The answer must restate every entry below word for word.

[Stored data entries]
Content starts

(* For $n\ge1$ let $a_n$ be the number of equivalence classes of period configurations of Parallel Diffusion on the unlabelled complete graph $K_n$. Then $a_1=1$, $a_2=2$, $a_3=6$, $a_4=19$, and $a_n=5a_{n-1}-7a_{n-2}+4a_{n-3}$ for all $n\ge5$.
   Context: Parallel Diffusion on a graph $G$: a configuration assigns an integer stack size $|v|$ to each vertex. One firing step replaces every stack size simultaneously by $|v| + \#\{u\in N(v): |u|>|v|\} - \#\{u\in N(v): |u|<|v|\}$. A period configuration is a configuration $D$ such that repeated firing starting from $D$ returns to $D$ after some positive number of steps. On the complete graph $K_n$ with unlabelled vertices, a configuration is a multiset of $n$ integers. Two configurations are equivalent if one is obtained from the other by adding the same integer to every stack size. *)

From mathcomp Require Import all_boot all_order all_algebra.
Set Implicit Arguments. Unset Strict Implicit. Unset Printing Implicit Defensive.
Import Order.TTheory GRing.Theory Num.Theory.
Local Open Scope ring_scope.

Content ends

WRITTEN REPLY
(* For $n\ge1$ let $a_n$ be the number of equivalence classes of period configurations of Parallel Diffusion on the unlabelled complete graph $K_n$. Then $a_1=1$, $a_2=2$, $a_3=6$, $a_4=19$, and $a_n=5a_{n-1}-7a_{n-2}+4a_{n-3}$ for all $n\ge5$.
   Context: Parallel Diffusion on a graph $G$: a configuration assigns an integer stack size $|v|$ to each vertex. One firing step replaces every stack size simultaneously by $|v| + \#\{u\in N(v): |u|>|v|\} - \#\{u\in N(v): |u|<|v|\}$. A period configuration is a configuration $D$ such that repeated firing starting from $D$ returns to $D$ after some positive number of steps. On the complete graph $K_n$ with unlabelled vertices, a configuration is a multiset of $n$ integers. Two configurations are equivalent if one is obtained from the other by adding the same integer to every stack size. *)

From mathcomp Require Import all_boot all_order all_algebra.
Set Implicit Arguments. Unset Strict Implicit. Unset Printing Implicit Defensive.
Import Order.TTheory GRing.Theory Num.Theory.
Local Open Scope ring_scope.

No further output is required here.